Stored data entries:

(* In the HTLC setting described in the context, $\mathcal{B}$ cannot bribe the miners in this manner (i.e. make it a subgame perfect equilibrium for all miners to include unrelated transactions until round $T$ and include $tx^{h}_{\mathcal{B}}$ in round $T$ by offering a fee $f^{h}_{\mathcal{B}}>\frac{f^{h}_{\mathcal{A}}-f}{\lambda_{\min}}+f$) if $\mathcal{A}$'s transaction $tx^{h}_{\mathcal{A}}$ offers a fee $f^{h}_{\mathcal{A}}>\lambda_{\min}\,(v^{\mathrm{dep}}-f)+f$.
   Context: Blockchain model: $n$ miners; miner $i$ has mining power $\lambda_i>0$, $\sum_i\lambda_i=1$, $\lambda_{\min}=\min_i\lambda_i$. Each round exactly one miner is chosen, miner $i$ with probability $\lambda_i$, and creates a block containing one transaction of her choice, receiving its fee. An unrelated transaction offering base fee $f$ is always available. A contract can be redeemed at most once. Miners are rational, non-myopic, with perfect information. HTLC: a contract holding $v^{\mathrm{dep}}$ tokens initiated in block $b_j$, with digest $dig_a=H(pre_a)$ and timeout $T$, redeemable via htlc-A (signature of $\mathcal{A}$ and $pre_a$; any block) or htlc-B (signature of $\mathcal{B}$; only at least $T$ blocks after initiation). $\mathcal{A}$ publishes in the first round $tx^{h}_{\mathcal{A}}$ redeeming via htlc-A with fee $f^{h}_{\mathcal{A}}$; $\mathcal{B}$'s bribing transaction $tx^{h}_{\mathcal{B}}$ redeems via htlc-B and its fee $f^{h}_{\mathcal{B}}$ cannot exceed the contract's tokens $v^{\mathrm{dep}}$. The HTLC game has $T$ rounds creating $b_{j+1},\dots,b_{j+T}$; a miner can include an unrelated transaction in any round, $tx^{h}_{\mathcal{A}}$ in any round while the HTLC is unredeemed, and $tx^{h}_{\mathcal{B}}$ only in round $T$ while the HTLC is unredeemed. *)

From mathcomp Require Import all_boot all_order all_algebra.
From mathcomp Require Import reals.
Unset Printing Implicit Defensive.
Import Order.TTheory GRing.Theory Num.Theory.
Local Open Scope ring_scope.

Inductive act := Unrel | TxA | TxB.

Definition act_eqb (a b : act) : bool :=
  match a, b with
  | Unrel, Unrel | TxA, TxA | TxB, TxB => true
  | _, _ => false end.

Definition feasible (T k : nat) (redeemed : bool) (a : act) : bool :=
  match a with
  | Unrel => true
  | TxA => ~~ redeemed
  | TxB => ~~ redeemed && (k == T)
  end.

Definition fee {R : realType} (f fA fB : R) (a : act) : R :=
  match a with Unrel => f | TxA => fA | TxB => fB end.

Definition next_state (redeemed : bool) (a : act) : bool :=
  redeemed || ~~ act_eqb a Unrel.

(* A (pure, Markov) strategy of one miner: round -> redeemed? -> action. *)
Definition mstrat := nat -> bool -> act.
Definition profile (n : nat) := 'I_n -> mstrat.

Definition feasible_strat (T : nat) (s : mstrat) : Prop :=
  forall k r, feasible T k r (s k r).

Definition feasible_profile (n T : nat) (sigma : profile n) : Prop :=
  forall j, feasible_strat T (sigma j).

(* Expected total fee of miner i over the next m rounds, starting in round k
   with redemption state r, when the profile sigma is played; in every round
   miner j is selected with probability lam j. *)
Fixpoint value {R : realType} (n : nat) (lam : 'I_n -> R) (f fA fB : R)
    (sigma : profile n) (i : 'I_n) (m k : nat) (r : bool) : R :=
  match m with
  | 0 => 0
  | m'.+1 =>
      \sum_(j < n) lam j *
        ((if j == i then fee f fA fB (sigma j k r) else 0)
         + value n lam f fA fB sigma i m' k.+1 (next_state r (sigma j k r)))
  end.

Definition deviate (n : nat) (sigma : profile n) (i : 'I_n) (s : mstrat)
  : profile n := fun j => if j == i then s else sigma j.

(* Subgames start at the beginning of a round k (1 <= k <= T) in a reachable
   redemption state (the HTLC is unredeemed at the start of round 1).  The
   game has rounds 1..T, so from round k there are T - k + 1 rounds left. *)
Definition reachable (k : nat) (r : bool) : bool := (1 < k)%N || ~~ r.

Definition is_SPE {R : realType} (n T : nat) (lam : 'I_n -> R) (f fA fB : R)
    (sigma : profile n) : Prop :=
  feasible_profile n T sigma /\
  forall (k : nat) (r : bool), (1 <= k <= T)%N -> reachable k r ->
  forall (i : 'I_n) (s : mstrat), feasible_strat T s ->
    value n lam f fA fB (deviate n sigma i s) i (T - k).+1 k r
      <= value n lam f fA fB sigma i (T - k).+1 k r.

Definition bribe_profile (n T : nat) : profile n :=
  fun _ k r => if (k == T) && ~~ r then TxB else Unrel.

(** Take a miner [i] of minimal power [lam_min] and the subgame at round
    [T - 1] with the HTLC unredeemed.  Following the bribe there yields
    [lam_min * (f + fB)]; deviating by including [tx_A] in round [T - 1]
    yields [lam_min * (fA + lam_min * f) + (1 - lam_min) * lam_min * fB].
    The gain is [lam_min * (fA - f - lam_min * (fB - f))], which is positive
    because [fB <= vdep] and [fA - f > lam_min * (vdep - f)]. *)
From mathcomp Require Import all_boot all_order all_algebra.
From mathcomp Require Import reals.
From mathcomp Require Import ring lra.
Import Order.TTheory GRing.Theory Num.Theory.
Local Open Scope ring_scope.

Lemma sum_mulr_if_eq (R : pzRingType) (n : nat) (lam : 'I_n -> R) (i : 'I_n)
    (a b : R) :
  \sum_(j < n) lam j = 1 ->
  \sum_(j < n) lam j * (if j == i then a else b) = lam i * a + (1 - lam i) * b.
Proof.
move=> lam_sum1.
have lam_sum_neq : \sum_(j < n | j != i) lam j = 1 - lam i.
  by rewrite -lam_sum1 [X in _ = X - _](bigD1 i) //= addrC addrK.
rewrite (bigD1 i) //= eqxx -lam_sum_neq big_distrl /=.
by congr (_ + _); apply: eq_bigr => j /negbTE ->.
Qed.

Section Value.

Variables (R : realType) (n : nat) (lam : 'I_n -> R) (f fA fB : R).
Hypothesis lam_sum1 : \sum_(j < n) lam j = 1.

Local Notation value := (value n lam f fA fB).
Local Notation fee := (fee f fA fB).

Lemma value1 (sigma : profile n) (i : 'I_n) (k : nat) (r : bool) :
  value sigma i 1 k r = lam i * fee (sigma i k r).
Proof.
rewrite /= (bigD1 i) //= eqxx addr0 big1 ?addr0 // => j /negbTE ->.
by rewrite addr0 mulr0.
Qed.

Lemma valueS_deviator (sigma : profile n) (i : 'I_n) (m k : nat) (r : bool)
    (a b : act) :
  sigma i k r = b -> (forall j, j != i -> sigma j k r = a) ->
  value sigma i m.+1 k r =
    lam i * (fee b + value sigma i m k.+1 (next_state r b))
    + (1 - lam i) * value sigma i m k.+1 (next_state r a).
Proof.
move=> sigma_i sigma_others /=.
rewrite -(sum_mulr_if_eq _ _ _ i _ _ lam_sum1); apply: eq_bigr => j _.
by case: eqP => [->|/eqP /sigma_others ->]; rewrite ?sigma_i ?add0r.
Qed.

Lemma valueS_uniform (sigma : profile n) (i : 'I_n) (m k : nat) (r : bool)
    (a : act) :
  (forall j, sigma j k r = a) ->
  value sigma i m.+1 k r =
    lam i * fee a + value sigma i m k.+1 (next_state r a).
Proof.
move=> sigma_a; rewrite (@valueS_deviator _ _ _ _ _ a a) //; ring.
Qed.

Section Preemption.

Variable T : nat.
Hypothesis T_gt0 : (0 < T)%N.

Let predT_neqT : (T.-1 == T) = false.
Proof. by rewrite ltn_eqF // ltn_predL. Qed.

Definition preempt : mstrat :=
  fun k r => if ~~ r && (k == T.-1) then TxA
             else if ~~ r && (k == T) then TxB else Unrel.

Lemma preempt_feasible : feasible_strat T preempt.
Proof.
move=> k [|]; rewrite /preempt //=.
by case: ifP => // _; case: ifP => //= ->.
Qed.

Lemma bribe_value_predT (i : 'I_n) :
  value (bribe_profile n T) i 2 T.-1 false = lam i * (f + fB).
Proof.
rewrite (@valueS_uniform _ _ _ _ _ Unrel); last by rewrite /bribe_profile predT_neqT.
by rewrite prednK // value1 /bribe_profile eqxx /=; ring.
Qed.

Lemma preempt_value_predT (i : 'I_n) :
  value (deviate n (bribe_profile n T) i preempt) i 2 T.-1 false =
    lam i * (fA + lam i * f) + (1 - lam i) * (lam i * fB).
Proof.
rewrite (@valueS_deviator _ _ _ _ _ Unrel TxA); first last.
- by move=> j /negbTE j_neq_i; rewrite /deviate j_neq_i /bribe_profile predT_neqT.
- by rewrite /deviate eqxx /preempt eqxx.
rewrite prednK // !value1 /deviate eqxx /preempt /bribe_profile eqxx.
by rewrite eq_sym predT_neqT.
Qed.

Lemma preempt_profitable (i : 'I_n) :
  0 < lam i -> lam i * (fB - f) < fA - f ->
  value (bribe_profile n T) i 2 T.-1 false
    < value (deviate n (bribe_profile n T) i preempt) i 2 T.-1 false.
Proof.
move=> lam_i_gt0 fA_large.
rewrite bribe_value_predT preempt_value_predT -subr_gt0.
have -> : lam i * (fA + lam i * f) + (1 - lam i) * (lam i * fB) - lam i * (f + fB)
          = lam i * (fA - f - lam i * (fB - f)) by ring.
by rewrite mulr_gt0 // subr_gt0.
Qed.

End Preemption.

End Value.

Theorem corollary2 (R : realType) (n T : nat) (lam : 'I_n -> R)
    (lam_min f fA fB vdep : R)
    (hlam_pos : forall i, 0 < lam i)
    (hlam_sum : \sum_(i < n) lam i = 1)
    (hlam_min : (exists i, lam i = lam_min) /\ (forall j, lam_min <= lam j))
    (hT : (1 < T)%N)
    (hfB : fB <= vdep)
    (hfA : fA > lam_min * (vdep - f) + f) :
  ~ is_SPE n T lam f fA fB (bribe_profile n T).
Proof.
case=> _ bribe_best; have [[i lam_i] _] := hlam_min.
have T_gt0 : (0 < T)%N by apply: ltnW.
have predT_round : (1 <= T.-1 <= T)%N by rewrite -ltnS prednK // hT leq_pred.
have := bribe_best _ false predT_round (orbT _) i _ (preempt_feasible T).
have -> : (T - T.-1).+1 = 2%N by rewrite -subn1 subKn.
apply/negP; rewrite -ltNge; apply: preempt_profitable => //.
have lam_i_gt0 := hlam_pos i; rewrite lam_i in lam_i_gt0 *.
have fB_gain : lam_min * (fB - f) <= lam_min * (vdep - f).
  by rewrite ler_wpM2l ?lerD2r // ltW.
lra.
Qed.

> Your task
Copy out exactly the lines from the one containing "(bribe_profile n T)." through the last line above, keeping both end lines.

> Answer for this exercise
  ~ is_SPE n T lam f fA fB (bribe_profile n T).
Proof.
case=> _ bribe_best; have [[i lam_i] _] := hlam_min.
have T_gt0 : (0 < T)%N by apply: ltnW.
have predT_round : (1 <= T.-1 <= T)%N by rewrite -ltnS prednK // hT leq_pred.
have := bribe_best _ false predT_round (orbT _) i _ (preempt_feasible T).
have -> : (T - T.-1).+1 = 2%N by rewrite -subn1 subKn.
apply/negP; rewrite -ltNge; apply: preempt_profitable => //.
have lam_i_gt0 := hlam_pos i; rewrite lam_i in lam_i_gt0 *.
have fB_gain : lam_min * (fB - f) <= lam_min * (vdep - f).
  by rewrite ler_wpM2l ?lerD2r // ltW.
lra.
Qed.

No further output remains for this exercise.